Your answer must be every line of the data that holds the string "blockpd".

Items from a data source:

Content starts

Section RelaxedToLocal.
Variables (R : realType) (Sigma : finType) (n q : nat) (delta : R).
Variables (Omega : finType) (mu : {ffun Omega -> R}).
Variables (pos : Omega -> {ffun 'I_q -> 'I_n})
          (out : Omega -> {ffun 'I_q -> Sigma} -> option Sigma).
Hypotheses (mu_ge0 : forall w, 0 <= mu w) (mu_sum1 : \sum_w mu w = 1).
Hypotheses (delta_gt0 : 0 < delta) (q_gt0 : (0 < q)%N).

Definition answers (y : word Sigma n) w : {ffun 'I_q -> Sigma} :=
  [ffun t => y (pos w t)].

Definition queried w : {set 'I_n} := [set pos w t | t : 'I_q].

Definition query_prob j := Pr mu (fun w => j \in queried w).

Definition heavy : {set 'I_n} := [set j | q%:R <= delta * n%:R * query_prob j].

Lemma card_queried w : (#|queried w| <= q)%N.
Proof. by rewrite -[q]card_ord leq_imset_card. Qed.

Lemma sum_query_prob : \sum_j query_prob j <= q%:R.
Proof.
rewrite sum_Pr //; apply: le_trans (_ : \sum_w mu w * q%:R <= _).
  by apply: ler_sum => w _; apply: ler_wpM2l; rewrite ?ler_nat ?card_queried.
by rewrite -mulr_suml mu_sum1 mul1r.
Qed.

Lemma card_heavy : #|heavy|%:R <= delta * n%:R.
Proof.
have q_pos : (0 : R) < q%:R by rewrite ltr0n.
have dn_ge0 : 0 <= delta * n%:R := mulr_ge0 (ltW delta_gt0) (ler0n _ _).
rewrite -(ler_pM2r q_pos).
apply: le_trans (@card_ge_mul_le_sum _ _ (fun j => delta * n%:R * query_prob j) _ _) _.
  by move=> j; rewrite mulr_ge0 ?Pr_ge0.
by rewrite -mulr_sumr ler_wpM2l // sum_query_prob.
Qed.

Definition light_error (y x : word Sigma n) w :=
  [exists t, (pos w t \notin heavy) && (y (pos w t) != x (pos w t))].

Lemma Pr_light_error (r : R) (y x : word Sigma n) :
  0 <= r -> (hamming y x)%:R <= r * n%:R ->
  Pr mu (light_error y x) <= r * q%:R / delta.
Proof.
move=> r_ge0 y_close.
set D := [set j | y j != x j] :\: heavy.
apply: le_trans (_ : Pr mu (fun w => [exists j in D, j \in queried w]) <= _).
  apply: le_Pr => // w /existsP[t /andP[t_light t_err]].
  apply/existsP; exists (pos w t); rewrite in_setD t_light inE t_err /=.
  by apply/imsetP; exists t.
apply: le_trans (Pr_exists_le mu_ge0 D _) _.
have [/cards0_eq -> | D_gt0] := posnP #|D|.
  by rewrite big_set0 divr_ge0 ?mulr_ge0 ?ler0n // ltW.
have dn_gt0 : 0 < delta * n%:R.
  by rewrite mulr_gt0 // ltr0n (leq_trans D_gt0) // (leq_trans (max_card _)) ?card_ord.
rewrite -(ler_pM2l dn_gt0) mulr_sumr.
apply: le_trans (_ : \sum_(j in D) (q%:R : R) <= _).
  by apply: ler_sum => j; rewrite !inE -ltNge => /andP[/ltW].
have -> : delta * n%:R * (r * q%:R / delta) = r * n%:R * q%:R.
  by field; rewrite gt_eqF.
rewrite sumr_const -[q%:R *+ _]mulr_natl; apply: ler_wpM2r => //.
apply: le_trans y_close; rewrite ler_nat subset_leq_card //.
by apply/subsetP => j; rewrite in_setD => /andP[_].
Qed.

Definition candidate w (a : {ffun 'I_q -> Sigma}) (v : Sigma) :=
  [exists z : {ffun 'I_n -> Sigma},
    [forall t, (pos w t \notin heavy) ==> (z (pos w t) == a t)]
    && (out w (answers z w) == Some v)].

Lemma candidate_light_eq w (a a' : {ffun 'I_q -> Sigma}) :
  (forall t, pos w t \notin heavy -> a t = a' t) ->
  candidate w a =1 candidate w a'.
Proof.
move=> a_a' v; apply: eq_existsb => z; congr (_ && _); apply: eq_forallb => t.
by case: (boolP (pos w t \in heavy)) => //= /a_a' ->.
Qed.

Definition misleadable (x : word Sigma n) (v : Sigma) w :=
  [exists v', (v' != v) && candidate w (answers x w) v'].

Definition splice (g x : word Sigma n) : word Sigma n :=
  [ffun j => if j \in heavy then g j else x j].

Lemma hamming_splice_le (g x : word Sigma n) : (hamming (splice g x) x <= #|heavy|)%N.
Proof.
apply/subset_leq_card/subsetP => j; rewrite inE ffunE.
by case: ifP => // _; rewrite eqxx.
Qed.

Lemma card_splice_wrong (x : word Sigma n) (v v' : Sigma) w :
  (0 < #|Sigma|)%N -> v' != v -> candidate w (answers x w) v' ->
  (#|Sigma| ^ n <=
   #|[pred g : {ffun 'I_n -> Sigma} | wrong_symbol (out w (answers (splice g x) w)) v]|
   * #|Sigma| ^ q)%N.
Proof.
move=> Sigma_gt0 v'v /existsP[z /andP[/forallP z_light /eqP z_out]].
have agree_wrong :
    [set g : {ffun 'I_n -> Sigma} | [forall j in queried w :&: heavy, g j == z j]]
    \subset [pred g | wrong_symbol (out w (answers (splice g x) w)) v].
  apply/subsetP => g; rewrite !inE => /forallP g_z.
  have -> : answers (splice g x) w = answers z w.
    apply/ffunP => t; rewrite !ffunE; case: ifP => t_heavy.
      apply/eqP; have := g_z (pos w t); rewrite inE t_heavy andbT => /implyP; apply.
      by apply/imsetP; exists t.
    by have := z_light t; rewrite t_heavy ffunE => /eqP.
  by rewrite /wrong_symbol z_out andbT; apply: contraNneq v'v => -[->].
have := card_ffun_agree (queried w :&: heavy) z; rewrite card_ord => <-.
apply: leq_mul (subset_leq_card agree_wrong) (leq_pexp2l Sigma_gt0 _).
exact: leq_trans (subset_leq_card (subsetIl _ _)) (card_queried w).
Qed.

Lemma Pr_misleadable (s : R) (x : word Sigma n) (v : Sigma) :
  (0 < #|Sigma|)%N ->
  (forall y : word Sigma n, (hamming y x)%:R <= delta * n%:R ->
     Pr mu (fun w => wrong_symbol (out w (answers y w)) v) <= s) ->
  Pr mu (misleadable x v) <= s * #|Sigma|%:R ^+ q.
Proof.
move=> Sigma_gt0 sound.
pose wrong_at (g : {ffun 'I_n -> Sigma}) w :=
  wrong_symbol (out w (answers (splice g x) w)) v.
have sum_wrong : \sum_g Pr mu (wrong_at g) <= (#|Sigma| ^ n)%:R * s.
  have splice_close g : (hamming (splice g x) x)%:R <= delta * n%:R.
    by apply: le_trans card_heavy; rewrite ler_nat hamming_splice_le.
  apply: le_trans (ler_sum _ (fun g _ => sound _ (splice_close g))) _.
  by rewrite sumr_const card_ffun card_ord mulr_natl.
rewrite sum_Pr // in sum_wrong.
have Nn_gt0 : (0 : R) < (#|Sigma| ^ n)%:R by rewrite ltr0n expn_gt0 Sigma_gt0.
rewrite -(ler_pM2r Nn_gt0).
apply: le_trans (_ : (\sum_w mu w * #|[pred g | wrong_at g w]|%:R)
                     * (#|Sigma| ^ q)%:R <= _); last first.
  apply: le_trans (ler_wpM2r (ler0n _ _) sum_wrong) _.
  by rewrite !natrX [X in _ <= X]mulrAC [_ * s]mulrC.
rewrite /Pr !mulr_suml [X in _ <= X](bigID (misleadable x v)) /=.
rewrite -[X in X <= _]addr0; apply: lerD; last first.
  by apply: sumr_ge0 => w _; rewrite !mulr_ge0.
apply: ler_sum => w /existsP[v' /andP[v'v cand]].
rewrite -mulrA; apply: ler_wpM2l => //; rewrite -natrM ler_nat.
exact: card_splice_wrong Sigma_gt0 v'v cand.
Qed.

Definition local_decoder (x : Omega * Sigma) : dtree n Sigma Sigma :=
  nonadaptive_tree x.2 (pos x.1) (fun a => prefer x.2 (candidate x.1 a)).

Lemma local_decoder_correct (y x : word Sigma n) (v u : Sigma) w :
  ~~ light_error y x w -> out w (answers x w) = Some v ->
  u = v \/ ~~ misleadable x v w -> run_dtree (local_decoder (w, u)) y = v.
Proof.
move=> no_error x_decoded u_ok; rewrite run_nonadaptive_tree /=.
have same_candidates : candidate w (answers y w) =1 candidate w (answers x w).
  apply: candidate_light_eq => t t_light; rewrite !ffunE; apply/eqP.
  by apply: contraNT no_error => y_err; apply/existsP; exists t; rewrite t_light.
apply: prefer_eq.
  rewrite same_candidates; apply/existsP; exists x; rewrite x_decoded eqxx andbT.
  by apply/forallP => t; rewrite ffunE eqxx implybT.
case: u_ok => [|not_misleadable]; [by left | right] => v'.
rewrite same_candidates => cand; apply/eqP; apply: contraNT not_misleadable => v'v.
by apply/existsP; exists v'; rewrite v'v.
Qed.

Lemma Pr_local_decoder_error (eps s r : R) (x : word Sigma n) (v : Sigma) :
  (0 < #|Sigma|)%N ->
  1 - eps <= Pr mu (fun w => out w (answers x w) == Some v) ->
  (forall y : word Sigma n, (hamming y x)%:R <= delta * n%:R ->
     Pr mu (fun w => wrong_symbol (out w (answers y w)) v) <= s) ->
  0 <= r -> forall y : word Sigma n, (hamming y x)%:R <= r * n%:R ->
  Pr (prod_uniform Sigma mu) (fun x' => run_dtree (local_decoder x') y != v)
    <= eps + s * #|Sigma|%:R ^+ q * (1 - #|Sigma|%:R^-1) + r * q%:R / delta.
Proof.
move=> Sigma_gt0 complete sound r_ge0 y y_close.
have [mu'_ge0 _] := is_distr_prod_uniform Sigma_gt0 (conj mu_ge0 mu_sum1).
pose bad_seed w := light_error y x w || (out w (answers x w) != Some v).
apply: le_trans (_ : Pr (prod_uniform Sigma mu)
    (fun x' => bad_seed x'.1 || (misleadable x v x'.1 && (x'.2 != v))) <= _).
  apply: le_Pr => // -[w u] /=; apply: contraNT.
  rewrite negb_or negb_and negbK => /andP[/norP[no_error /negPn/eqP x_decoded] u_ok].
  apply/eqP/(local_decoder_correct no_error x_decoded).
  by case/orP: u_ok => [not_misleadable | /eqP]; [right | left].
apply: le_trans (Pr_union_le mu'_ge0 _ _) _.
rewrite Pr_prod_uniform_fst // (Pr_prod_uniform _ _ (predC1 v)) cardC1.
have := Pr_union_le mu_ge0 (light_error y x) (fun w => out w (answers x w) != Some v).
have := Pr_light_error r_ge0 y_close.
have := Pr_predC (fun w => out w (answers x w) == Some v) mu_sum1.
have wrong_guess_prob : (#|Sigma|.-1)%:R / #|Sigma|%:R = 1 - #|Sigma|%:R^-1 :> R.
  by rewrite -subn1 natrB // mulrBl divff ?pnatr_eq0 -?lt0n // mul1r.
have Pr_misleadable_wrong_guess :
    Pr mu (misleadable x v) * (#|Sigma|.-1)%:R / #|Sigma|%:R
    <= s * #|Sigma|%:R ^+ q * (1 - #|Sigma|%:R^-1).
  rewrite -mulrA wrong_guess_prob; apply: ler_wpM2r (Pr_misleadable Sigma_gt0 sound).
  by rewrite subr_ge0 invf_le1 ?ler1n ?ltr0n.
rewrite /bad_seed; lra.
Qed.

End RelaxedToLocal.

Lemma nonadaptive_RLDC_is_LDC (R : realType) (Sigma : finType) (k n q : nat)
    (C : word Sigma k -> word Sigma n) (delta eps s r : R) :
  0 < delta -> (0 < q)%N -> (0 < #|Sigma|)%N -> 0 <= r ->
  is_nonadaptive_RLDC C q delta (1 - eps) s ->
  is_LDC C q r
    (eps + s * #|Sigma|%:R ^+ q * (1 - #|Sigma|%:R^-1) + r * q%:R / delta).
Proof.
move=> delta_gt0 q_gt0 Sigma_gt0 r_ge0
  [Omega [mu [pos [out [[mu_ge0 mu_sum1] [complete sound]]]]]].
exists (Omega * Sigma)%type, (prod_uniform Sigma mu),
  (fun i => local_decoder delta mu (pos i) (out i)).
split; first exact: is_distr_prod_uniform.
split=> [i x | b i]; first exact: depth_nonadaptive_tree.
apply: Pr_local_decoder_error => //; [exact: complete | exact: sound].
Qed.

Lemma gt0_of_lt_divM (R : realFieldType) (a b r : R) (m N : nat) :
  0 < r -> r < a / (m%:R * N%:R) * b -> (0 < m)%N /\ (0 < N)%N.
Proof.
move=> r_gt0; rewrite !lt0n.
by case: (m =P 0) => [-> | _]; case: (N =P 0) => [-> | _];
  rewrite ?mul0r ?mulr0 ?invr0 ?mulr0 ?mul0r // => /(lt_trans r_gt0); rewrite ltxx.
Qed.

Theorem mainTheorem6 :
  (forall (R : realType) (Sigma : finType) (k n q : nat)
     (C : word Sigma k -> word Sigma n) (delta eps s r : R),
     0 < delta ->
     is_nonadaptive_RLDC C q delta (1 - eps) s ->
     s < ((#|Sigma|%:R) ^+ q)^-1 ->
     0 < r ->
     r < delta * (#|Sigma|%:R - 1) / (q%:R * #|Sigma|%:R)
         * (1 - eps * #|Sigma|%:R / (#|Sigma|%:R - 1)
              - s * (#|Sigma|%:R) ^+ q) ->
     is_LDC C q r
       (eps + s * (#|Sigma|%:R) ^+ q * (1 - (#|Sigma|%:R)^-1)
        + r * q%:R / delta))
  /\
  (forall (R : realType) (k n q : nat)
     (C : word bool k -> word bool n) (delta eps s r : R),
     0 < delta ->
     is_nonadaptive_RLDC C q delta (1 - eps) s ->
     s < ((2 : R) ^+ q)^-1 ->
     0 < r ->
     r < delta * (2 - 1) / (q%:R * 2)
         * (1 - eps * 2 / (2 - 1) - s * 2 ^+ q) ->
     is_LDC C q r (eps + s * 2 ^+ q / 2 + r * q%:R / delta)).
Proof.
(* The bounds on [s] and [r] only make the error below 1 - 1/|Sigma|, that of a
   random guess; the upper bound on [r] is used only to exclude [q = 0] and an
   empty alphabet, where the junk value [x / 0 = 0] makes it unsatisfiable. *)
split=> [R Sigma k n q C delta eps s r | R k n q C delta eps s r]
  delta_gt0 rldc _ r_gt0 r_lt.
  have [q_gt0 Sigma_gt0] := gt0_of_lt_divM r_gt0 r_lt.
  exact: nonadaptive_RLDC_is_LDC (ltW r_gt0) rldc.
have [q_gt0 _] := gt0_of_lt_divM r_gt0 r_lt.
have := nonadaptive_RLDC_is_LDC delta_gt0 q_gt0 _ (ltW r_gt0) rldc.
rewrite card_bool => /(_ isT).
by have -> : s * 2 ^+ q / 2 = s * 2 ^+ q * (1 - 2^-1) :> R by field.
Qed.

Content ends
Content starts

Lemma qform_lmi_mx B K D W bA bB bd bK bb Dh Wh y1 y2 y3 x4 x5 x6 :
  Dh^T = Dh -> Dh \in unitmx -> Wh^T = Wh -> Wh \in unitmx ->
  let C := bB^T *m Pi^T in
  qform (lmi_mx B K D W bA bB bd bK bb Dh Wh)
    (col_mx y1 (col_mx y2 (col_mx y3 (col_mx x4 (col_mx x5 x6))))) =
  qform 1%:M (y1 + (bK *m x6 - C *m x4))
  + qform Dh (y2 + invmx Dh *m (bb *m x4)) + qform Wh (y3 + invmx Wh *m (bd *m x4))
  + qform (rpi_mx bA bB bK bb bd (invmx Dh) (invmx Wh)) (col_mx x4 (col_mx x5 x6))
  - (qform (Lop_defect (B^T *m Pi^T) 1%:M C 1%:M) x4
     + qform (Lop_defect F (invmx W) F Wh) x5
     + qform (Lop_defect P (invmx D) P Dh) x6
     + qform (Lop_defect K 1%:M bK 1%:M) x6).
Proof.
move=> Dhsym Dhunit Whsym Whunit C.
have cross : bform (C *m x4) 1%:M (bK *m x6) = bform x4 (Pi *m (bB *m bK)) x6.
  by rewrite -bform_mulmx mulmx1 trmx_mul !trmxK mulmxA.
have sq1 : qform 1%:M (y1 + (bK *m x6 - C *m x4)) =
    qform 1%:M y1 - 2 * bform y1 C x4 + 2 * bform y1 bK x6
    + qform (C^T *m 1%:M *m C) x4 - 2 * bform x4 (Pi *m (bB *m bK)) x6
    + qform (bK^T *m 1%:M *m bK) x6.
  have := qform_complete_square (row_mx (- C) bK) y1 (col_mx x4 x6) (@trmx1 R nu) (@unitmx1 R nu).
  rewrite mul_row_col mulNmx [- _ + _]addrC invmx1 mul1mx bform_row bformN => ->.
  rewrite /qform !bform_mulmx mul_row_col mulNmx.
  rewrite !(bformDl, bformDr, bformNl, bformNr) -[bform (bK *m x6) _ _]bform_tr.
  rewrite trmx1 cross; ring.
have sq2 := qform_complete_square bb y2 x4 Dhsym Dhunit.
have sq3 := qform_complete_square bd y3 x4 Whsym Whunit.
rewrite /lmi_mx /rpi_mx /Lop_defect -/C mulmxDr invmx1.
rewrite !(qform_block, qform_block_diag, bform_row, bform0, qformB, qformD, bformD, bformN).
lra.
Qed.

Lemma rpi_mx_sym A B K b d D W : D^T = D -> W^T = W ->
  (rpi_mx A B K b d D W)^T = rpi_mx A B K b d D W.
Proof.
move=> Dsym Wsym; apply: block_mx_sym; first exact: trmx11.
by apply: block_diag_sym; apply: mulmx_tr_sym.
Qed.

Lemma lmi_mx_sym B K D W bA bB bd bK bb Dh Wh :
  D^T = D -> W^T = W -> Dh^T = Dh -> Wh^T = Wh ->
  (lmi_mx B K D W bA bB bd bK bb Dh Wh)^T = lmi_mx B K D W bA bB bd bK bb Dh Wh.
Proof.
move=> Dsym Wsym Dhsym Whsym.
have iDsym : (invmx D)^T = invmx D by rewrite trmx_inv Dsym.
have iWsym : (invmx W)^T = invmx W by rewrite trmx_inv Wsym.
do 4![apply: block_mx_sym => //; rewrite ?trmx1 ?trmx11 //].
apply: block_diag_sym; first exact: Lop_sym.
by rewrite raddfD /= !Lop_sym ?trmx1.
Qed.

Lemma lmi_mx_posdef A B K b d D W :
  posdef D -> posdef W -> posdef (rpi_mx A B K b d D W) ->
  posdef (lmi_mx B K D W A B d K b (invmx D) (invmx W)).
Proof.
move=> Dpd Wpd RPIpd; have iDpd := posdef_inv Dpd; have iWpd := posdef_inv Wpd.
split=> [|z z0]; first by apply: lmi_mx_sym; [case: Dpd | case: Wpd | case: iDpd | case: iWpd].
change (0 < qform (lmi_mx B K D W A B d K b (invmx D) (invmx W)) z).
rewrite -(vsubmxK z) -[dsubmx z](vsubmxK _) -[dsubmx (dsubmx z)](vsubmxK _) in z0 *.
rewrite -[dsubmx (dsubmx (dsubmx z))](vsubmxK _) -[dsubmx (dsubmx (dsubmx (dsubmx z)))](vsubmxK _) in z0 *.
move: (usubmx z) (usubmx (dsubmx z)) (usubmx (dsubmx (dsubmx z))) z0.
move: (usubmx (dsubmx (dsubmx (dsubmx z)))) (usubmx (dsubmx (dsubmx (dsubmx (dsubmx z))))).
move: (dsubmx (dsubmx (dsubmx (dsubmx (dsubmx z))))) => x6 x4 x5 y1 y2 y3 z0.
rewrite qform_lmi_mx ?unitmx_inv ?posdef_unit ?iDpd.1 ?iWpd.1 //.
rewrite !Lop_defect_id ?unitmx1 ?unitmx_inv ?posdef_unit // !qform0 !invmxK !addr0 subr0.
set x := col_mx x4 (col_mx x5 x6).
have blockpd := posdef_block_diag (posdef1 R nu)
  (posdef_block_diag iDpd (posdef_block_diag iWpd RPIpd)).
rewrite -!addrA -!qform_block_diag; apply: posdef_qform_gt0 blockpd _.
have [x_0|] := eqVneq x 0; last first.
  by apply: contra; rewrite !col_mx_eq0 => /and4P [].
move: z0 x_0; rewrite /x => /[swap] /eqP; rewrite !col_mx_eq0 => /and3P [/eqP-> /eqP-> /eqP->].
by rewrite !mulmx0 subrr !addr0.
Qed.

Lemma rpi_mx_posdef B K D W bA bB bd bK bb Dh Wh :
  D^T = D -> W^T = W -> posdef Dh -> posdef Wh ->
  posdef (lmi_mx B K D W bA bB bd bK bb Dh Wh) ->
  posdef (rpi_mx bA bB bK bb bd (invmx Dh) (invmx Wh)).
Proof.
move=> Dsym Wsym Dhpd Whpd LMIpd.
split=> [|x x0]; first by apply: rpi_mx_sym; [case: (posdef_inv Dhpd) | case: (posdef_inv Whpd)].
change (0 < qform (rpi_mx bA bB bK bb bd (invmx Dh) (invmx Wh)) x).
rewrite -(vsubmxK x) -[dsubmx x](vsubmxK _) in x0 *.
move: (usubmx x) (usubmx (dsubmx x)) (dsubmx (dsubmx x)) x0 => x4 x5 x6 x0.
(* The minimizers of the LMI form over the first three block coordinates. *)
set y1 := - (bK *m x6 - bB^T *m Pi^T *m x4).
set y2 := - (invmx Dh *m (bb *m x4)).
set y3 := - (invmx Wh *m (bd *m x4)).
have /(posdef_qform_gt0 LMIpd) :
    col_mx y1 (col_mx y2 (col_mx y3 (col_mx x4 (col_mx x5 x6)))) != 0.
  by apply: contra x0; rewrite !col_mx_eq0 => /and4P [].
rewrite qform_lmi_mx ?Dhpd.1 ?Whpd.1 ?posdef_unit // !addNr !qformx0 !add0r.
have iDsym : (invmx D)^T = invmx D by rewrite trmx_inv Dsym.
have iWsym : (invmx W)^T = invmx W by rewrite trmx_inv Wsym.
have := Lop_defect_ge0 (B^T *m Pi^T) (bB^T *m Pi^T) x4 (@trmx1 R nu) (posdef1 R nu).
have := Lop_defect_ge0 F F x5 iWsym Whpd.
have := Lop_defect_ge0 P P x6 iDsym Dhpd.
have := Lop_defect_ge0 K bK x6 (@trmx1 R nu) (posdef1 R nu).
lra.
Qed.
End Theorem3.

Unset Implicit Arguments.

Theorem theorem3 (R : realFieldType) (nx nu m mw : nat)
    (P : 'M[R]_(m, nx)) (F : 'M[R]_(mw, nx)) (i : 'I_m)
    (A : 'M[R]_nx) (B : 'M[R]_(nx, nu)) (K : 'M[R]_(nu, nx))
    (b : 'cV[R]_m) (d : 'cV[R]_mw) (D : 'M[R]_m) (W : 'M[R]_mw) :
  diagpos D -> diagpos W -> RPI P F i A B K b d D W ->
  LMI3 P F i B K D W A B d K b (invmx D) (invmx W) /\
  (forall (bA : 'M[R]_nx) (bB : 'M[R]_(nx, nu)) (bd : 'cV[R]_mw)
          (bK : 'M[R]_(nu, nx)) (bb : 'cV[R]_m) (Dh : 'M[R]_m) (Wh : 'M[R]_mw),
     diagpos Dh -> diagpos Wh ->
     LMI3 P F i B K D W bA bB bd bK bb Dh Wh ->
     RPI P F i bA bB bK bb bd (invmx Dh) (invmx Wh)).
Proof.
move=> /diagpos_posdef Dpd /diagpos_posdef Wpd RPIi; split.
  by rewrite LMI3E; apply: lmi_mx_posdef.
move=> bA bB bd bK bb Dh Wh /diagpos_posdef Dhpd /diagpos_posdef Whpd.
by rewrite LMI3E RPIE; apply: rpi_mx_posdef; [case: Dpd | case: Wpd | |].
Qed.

Content ends

EXERCISE OUTPUT:
have blockpd := posdef_block_diag (posdef1 R nu)
rewrite -!addrA -!qform_block_diag; apply: posdef_qform_gt0 blockpd _.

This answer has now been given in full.